Work order:
From the entries below, copy exactly the lines from the one that contains "rewrite (bigD1 (BMultinom" through the one that contains "apply/eqP => /(congr1", both included, and only those.

Records contained in a dataset:
☆ ☆ ☆ ☆ ☆ ☆ ☆
Lemma ps_deriv_kderivation i : is_der (ps_deriv i).
Proof.
split=> [f g|c f|f g]; apply/funext => m.
- by rewrite /ps_deriv /= /ps_add mulrDr.
- by rewrite /ps_deriv /= /ps_scale mulrCA.
pose N := (mdeg m).+1; have tf := @agree_trunc _ _ N.+1 f; have tg := @agree_trunc _ _ N.+1 g.
have lhs := agree_deriv i (agree_mul tf tg).
have rhs := agree_add (agree_mul (agree_below_le (leqnSn _) tf) (agree_deriv i tg))
                      (agree_mul (agree_deriv i tf) (agree_below_le (leqnSn _) tg)).
by apply: agree_below_eq lhs rhs _ (ltnSn _); rewrite mderivM addrC.
Qed.

Lemma ps_derivXU i j : ps_deriv i (ps_of_mpoly 'X_j) = (i == j)%:R.
Proof. by rewrite ps_deriv_of_mpoly mderivXU ps_of_mpoly_bool. Qed.

Lemma ps_mulX_coef j (g : PS) m :
  (ps_of_mpoly 'X_j * g) m = if (U_(j) <= m)%MM then g (m - U_(j))%MM else 0.
Proof.
rewrite ps_mulE /ps_of_mpoly; under eq_bigr do rewrite mcoeffX.
case: ifPn => [le_jm|not_le_jm].
  have lt_j : (mdeg U_(j) < (mdeg m).+1)%N by rewrite ltnS mdeg_lem.
  rewrite (bigD1 (BMultinom lt_j)) //= eqxx mul1r big1 ?addr0 // => m' /andP[_ ne_m'].
  by case: eqP => [eq_m'|_]; [case/eqP: ne_m'; apply: val_inj | rewrite mul0r].
rewrite big1 // => m' le_m'm; case: eqP => [eq_m'|_]; last by rewrite mul0r.
by move: not_le_jm; rewrite eq_m' le_m'm.
Qed.

Lemma psX_nonunit l (r : PS) : ps_of_mpoly 'X_l * r != 1.
Proof.
apply/eqP => /(congr1 (fun f : PS => f 0%MM)) /=; rewrite ps_mulX_coef.
rewrite lep1mP mnmE eqxx; change (0 = @ps_one k n 0%MM -> False).
by rewrite /ps_one eqxx => /eqP; rewrite eq_sym oner_eq0.
Qed.

(* Euler's identity [mdeg m * s_m = \sum_j m_j s_m] lets us split off every
   coordinate; this needs the characteristic to be zero. *)
Definition ps_euler_part (s : PS) (j : 'I_n) : PS :=
  fun m => ((m j).+1%:R / (mdeg m).+1%:R) * s (m + U_(j))%MM.

Lemma ps_euler_decomp (s : PS) :
  s = s 0%MM *: 1 + \sum_j ps_of_mpoly 'X_j * ps_euler_part s j.
Proof.
apply/funext => m.
have -> : (s 0%MM *: 1 + \sum_j ps_of_mpoly 'X_j * ps_euler_part s j) m =
    s 0%MM * @ps_one k n m + \sum_j (ps_of_mpoly 'X_j * ps_euler_part s j) m.
  by rewrite -(ps_sumE _ _ (fun j => ps_of_mpoly 'X_j * ps_euler_part s j)).
have part_coef j : (ps_of_mpoly 'X_j * ps_euler_part s j) m = (m j)%:R / (mdeg m)%:R * s m.
  rewrite ps_mulX_coef; case: ifPn => [le_jm|]; last by rewrite lep1mP negbK => /eqP->; rewrite !mul0r.
  have mj : ((m - U_(j))%MM j).+1 = m j by rewrite mnmBE mnm1E eqxx subn1 prednK // lt0n -lep1mP.
  have dm : (mdeg (m - U_(j))%MM).+1 = mdeg m by rewrite -{2}(submK le_jm) mdegD mdeg1 addn1.
  by rewrite /ps_euler_part submK // mj dm.
rewrite (eq_bigr _ (fun j _ => part_coef j)) -!mulr_suml -natr_sum -mdegE.
have [->|nz_m] := eqVneq m 0%MM; first by rewrite mdeg0 !mul0r addr0 /ps_one eqxx mulr1.
rewrite /ps_one (negbTE nz_m) mulr0 add0r divff ?mul1r //.
by rewrite ((pcharf0P k).1 char_k) mdeg_eq0.
Qed.

Lemma ps_kderivation_eq0 d : is_der d ->
  (forall j, d (ps_of_mpoly 'X_j) = 0) -> forall s, d s = 0.
Proof.
move=> Hd dX; have [dD dZ dM] := Hd.
have d_decomp s : d s = \sum_j ps_of_mpoly 'X_j * d (ps_euler_part s j).
  rewrite {1}(ps_euler_decomp s) dD dZ kderivation1 // scaler0 add0r kderivation_sum //.
  by apply: eq_bigr => j _; rewrite dM dX mul0r addr0.
suff ds_deg N s m : (mdeg m < N)%N -> d s m = 0.
  by move=> s; apply/funext => m; apply: (ds_deg _ s m (ltnSn _)).
elim: N s m => [//|N IHN] s m lt_m.
rewrite d_decomp ps_sumE big1 // => j _; rewrite ps_mulX_coef; case: ifP => // le_jm.
by apply: IHN; move: lt_m; rewrite -{1}(submK le_jm) mdegD mdeg1 addn1 ltnS.
Qed.

Lemma ps_antiderivative l (v : PS) : (forall j, j != l -> ps_deriv j v = 0) ->
  exists f, ps_deriv l f = v /\ forall j, j != l -> ps_deriv j f = 0.
Proof.
move=> v_const; pose f : PS := fun m => if m l == 0%N then 0 else v (m - U_(l))%MM / (m l)%:R.
exists f; split=> [|j ne_jl]; apply/funext => m; rewrite /ps_deriv /f mnmDE mnm1E.
  by rewrite eqxx addn1 /= addmK mulrCA divff ?mulr1 // natr_succ_neq0.
rewrite (negbTE ne_jl) addn0; case: eqP => [_|_]; first by rewrite mulr0.
have := congr1 (fun g : PS => g (m - U_(l))%MM) (v_const j ne_jl).
rewrite /ps_deriv /= => /eqP; rewrite mulf_eq0 (negbTE (natr_succ_neq0 _)) /= => /eqP v0.
suff -> : (m + U_(j) - U_(l))%MM = (m - U_(l) + U_(j))%MM by rewrite v0 mul0r mulr0.
apply/mnmP => t; rewrite !(mnmDE, mnmBE, mnm1E).
by have [<-|ne_lt] := eqVneq l t; [rewrite (negbTE ne_jl) !addn0 | rewrite !subn0].
Qed.

Lemma ps_exp_coef_eq0 (h : PS) e m : h 0%MM = 0 -> (mdeg m < e)%N -> (h ^+ e) m = 0.
Proof.
move=> h0; elim: e m => [//|e IHe] m lt_m; rewrite exprS ps_mulE big1 // => m' le_m'm.
have [->|nz_m'] := eqVneq (val m') 0%MM; first by rewrite h0 mul0r.
rewrite IHe ?mulr0 //; have := mdeg_eq0 m'; rewrite (negbTE nz_m').
by move: lt_m; rewrite -{1}(submK le_m'm) mdegD; case: (mdeg (val m')) => //; lia.
Qed.

(* [u = c (1 - h)] with [h] of zero constant term, so [u^-1 = c^-1 \sum_e h^e],
   and the coefficient of degree [N] only involves the powers [e <= N]. *)
Lemma ps_invertible (u : PS) : u 0%MM != 0 -> exists w, w * u = 1.
Proof.
move=> u0; pose c := u 0%MM; pose h : PS := 1 - c^-1 *: u.
have h0 : h 0%MM = 0.
  by change (@ps_one k n 0%MM - c^-1 * u 0%MM = 0); rewrite /ps_one eqxx mulVf ?subrr.
have u_eq : u = c *: (1 - h) by rewrite /h opprB addrC subrK scalerA mulfV // scale1r.
pose w : PS := fun m => c^-1 * \sum_(e < (mdeg m).+1) (h ^+ e) m.
exists w; apply/funext => m; pose G N := \sum_(e < N) h ^+ e.
have geom N : (c^-1 *: G N) * u = 1 - h ^+ N.
  rewrite u_eq -scalerAl -scalerAr scalerA mulVf // scale1r.
  by rewrite mulrC -[1 - h]opprB mulNr -subrX1 opprB.
have w_trunc m' : (m' <= m)%MM -> w m' = (c^-1 *: G (mdeg m).+1) m'.
  move=> le_m'm; change (w m' = c^-1 * G (mdeg m).+1 m'); rewrite /w /G ps_sumE.
  have le_deg : ((mdeg m').+1 <= (mdeg m).+1)%N by rewrite ltnS mdeg_lem.
  congr (_ * _); rewrite (big_ord_widen _ (fun e => (h ^+ e) m') le_deg).
  rewrite [RHS](bigID (fun e : 'I__ => (e < (mdeg m').+1)%N)) /= [X in _ = _ + X]big1 ?addr0 // => e.
  by rewrite -leqNgt => le_e; apply: ps_exp_coef_eq0.
have -> : (w * u) m = ((c^-1 *: G (mdeg m).+1) * u) m.
  by rewrite !ps_mulE; apply: eq_bigr => m' le_m'm; rewrite w_trunc.
rewrite geom; change (@ps_one k n m - (h ^+ (mdeg m).+1) m = @ps_one k n m).
by rewrite ps_exp_coef_eq0 ?subr0.
Qed.

Lemma ps_partial_simple I : is_ideal (@GRing.add PS) (@GRing.mul PS) 0 I ->
  (forall i s, I s -> I (ps_deriv i s)) -> forall s, I s -> s != 0 -> I 1.
Proof.
move=> I_ideal I_stable; have [_ _ IM] := I_ideal.
suff deg_ind N s m : I s -> s m != 0 -> mdeg m = N -> I 1.
  move=> s Is nz_s; have [m nz_sm] : exists m, s m != 0.
    apply: contraNP nz_s => s0; apply/eqP/funext => m.
    by apply: contra_notP s0 => nz; exists m; apply/eqP.
  exact: deg_ind Is nz_sm erefl.
elim: N s m => [|N IHN] s m Is nz_sm deg_m.
  have [w ws] : exists w, w * s = 1.
    by apply: ps_invertible; move/eqP: deg_m; rewrite mdeg_eq0 => /eqP <-.
  by rewrite -ws; apply: IM.
have [i le_im] : exists i, (U_(i) <= m)%MM by apply: mnm_neq0_exists; rewrite -mdeg_eq0 deg_m.
apply: (IHN (ps_deriv i s) (m - U_(i))%MM); first exact: I_stable.
  by rewrite /ps_deriv submK // mulf_eq0 negb_or natr_succ_neq0.
by move: deg_m; rewrite -{1}(submK le_im) mdegD mdeg1 addn1 => -[].
Qed.

Theorem corollary2p5_pseries : (1 <= n)%N ->
  corollary2p5_prop (@ps_add k n) (@ps_mul k n) (@ps_zero k n) (@ps_scale k n) (@ps_one k n)
    (@ps_deriv k n).
Proof.
move=> n_gt0; have lt_l : (n.-1 < n)%N by rewrite prednK.
apply: (@corollary2p5_coordinates _ _ _ _ (fun j => ps_of_mpoly 'X_j) _ _ _ (Ordinal lt_l)) => //.
- exact: ps_deriv_kderivation.
- exact: ps_derivXU.
- exact: ps_kderivation_eq0.
- exact: psX_nonunit.
- by move=> v a _; apply: ps_antiderivative.
- exact: ps_partial_simple.
Qed.

End PowerSeries.

Theorem corollary2p5 (k : fieldType) (n : nat) :
  [pchar k] =i pred0 -> (1 <= n)%N ->
  corollary2p5_prop (@GRing.add {mpoly k[n]}) (@GRing.mul {mpoly k[n]})
    0 (@GRing.scale k {mpoly k[n]}) 1 (fun i p => mderiv i p)
  /\
  corollary2p5_prop (@ps_add k n) (@ps_mul k n) (@ps_zero k n)
    (@ps_scale k n) (@ps_one k n) (@ps_deriv k n).
Proof.
by move=> char_k n_gt0; split; [apply: corollary2p5_mpoly | apply: corollary2p5_pseries].
Qed.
☆ ☆ ☆ ☆ ☆ ☆ ☆
Task solution:
  rewrite (bigD1 (BMultinom lt_j)) //= eqxx mul1r big1 ?addr0 // => m' /andP[_ ne_m'].
  by case: eqP => [eq_m'|_]; [case/eqP: ne_m'; apply: val_inj | rewrite mul0r].
rewrite big1 // => m' le_m'm; case: eqP => [eq_m'|_]; last by rewrite mul0r.
by move: not_le_jm; rewrite eq_m' le_m'm.
Qed.

Lemma psX_nonunit l (r : PS) : ps_of_mpoly 'X_l * r != 1.
Proof.
apply/eqP => /(congr1 (fun f : PS => f 0%MM)) /=; rewrite ps_mulX_coef.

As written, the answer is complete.